Ragland founded STEMulus Academy, a science, technology, engineering, and mathematics program for fifth grade girls in Wake County. She founded the Hilda Pinnix-Ragland Endowment through the North Carolina Community Foundation, which provides scholarships for accounting students at North Carolina A&T State University.

In 2007, she was a recipient of the American Association of Blacks in Energy's James E. Stewart Award. In 2008 she received the North Carolina 4-H Lifetime Achievement Award. In 2012 she was listed as one of the Top 100 Influential Women in Corporate America by Savoy Magazine. She was awarded the Education Award for Leadership in Community Colleges by Joe Biden. In 2017 Triangle Business Journal presented Pinnix-Ragland with the Women in Business Lifetime Achievement Award. She was inducted into the 2020 Lifetime Hall of Fame for NCA&T State University Business School.

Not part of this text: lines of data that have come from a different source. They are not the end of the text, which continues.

(* For every fixed integer $m\ge2$, the limit $\tau_m^{**}:=\lim_{n\to\infty}n^{m/2}\tau_{n,n-m}$ exists and $$\tau_m^{**}=2^{-m}\,|H_m(x_m')|,$$ where $H_m$ is the Hermite polynomial of degree $m$ (orthogonal with respect to $e^{-x^2}$ on $\mathbb{R}$, normalized with leading coefficient $2^m$) and $x_m'$ is the largest zero of $H_m'$, i.e. the point of the rightmost local extremum of $H_m$.
   Context: $T_n$ denotes the Chebyshev polynomial of the first kind of degree $n$, $T_n(\cos\theta)=\cos n\theta$. For integers $n\ge k+2$, $k\ge 1$, let $\omega_{n,k}$ be the rightmost (largest) zero of $T_n^{(k+1)}$ and define $\tau_{n,k}:=|T_n^{(k)}(\omega_{n,k})|/T_n^{(k)}(1)$. *)

From HB Require Import structures.
From mathcomp Require Import all_boot all_order all_algebra.
From mathcomp Require Import all_classical all_reals all_analysis.
Set Implicit Arguments. Unset Strict Implicit. Unset Printing Implicit Defensive.
Import Order.TTheory GRing.Theory Num.Theory.
Local Open Scope ring_scope.
Local Open Scope classical_set_scope.

(* Chebyshev polynomials of the first kind: T_0 = 1, T_1 = X,
   T_{n+2} = 2 X T_{n+1} - T_n  (equivalently T_n(cos t) = cos (n t)). *)
Fixpoint cheb_pair (R : realType) (n : nat) : {poly R} * {poly R} :=
  match n with
  | 0 => (1, 'X)
  | n'.+1 => let: (a, b) := cheb_pair R n' in (b, 2%:P * 'X * b - a)
  end.
Definition chebT (R : realType) (n : nat) : {poly R} := (cheb_pair R n).1.

(* Physicists' Hermite polynomials: H_0 = 1, H_1 = 2X,
   H_{m+2} = 2X H_{m+1} - 2(m+1) H_m  (leading coefficient 2^m,
   orthogonal w.r.t. exp(-x^2)). *)
Fixpoint herm_pair (R : realType) (m : nat) : {poly R} * {poly R} :=
  match m with
  | 0 => (1, 2%:P * 'X)
  | m'.+1 => let: (a, b) := herm_pair R m' in
             (b, 2%:P * 'X * b - (2 * m'.+1)%:R%:P * a)
  end.
Definition hermH (R : realType) (m : nat) : {poly R} := (herm_pair R m).1.

Definition largest_root (R : realType) (p : {poly R}) : R :=
  sup [set x : R | root p x].

Definition omega (R : realType) (n k : nat) : R :=
  largest_root ((chebT R n)^`(k.+1)).

Definition tau (R : realType) (n k : nat) : R :=
  `|((chebT R n)^`(k)).[omega R n k]| / ((chebT R n)^`(k)).[1].

(* Let u_n = T_n^(n-m), a polynomial of degree m with leading coefficient
   K_n = 2^(n-1) n!/m!.  The explicit coefficients of T_n show that the rescaled
   polynomials Q_n(t) = n^(m/2) u_n(t / sqrt n) / K_n converge coefficientwise to
   the monic Hermite polynomial 2^(-m) H_m.  Hence u_n(1) / K_n = n^(-m/2) Q_n(sqrt n)
   tends to the leading coefficient 1.  The largest zero of Q_n' is sqrt n * omega_(n,n-m),
   and it converges to the largest zero x'_m of H_m': to the right of x'_m + e the
   polynomials Q_n' are eventually positive (their leading coefficient dominates far
   out, and they are uniformly close to H_m' on compacts), while just to the left of
   x'_m the polynomial H_m' is negative, hence so is Q_n' eventually.  Therefore
   n^(m/2) tau_(n,n-m) = |Q_n(sqrt n * omega_(n,n-m))| / (u_n(1) / K_n) tends to
   2^(-m) |H_m(x'_m)|. *)

From HB Require Import structures.
From mathcomp Require Import all_boot all_order all_algebra.
From mathcomp Require Import all_classical all_reals all_analysis.
From mathcomp Require Import polyrcf zify ring lra.
Import Order.TTheory GRing.Theory Num.Theory numFieldNormedType.Exports.
Set Implicit Arguments.
Unset Strict Implicit.
Unset Printing Implicit Defensive.
Local Open Scope classical_set_scope.
Local Open Scope ring_scope.
Lemma Coc_cadd {L : zmodType} {c d : cochain L} : Coc c -> Coc d -> Coc (cadd c d).
Proof.
move=> [Hc1 Hc2] [Hd1 Hd2]; split=> [v w Hv Hw|v Hv]; apply: functional_extensionality => p.
  by rewrite /cadd Hc1 // Hd1 // /twist addrACA.
by rewrite /cadd Hc2 // Hd2 // addr0.
Qed.

Lemma Coc_copp {L : zmodType} {c : cochain L} : Coc c -> Coc (copp c).
Proof.
move=> [Hc1 Hc2]; split=> [v w Hv Hw|v Hv]; apply: functional_extensionality => p.
  by rewrite /copp Hc1 // /twist opprD.
by rewrite /copp Hc2 // oppr0.
Qed.

Lemma subr_add_shifts {L : zmodType} (x y u v w : L) :
  x - y = (v - u) + (x + (u + w)) - (y + (v + w)).
Proof. by rewrite addrCA -addrA subrKA [y + _]addrC opprD [v + w + _]addrA subrr add0r. Qed.

Section Cocycle.
Context {L : zmodType} (c : cochain L).
Implicit Types (a b d r : word) (p t : Q2).
Hypothesis Hc : Coc c.

Lemma Coc_comp_apply {v w} p : inV v -> inV w -> c (v \o w) p = c v p + c w (actQ (vinv v) p).
Proof. by move=> Hv Hw; rewrite (proj1 Hc v w Hv Hw). Qed.

Lemma Coc_id : c id = fun=> 0.
Proof.
apply: functional_extensionality => p; have := Coc_comp_apply p inV_id inV_id.
rewrite -/(twist id (c id) p) twist_id => E.
by apply/esym/(addrI (c id p)); rewrite addr0 -E.
Qed.

Lemma Coc_cancel {u v w} : inV u -> inV v -> inV w -> c u = (fun=> 0) -> c w = (fun=> 0) ->
  c (u \o (v \o w)) = (fun=> 0) -> c v = (fun=> 0).
Proof.
move=> Hu Hv Hw Cu Cw Cuvw; apply: functional_extensionality => p.
move/(congr1 (fun f => f (actQ u p))): Cuvw.
rewrite (Coc_comp_apply _ Hu (inV_comp Hv Hw)) (Coc_comp_apply _ Hv Hw) Cu Cw actQ_vinvK //.
by rewrite add0r addr0.
Qed.

Section Generation.
Hypothesis Htr : forall a b, disj a b -> c (tr a b) = fun=> 0.

Lemma Coc_tr_compat {a b} : compat a b -> c (tr a b) = fun=> 0.
Proof. by case/orP=> [/eqP ->|/Htr //]; rewrite tr_id Coc_id. Qed.

Lemma Coc_zero_piecewise {P v} : piecewise v P -> c v = fun=> 0.
Proof.
(* Induction on the number of pieces: composing with transpositions merges two siblings. *)
have [n] := ubnP (size P); elim: n P v => // n IH P v; rewrite ltnS => Hn Hpw.
have [Hs|Hs] := leqP (size P) 1; first by rewrite (piecewise_single Hpw Hs) Coc_id.
case: (Hpw) => HP _ _; have [e [H0 H1]] := part_siblings HP Hs.
have [a [b [o [Cab Co Hu]]]] := piecewise_merge Hpw H0 H1.
apply: (Coc_cancel (tr_inV Cab) (inV_of_piecewise Hpw) (tr_inV Co)); rewrite ?Coc_tr_compat //.
apply: IH Hu; rewrite (leq_trans _ Hn) //= size_rem; last first.
  by rewrite (mem_rem_uniq _ (part_uniq HP)) inE H1 andbT; apply/eqP => /rcons_inj.
by rewrite size_rem //; case: (size P) Hs => [|[|k]].
Qed.

Lemma Coc_zero_of_tr_zero {v} : inV v -> c v = fun=> 0.
Proof. by case/piecewise_of_inV=> P /Coc_zero_piecewise. Qed.

End Generation.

In May 2019, she co-authored the book The Energy Within Us: An Illuminating Perspective from Five Trailblazers with Carolyn Green, Joyce Hayes Giles, Rose McKinney-James and Telisa Toliver.

== Personal life ==
Pinnix-Ragland is married to Alvin Glendale Ragland, a human resources specialist who serves as head of human resources for Sony Ericsson in Research Triangle Park. They have one daughter and live in Cary, North Carolina. She and her husband are members of Carolina Country Club in Raleigh, North Carolina. They were the first African-American members in the country club's 103-year history when they joined in 2013.

She is Episcopalian and teaches Sunday school at St. Ambrose Episcopal Church in Raleigh.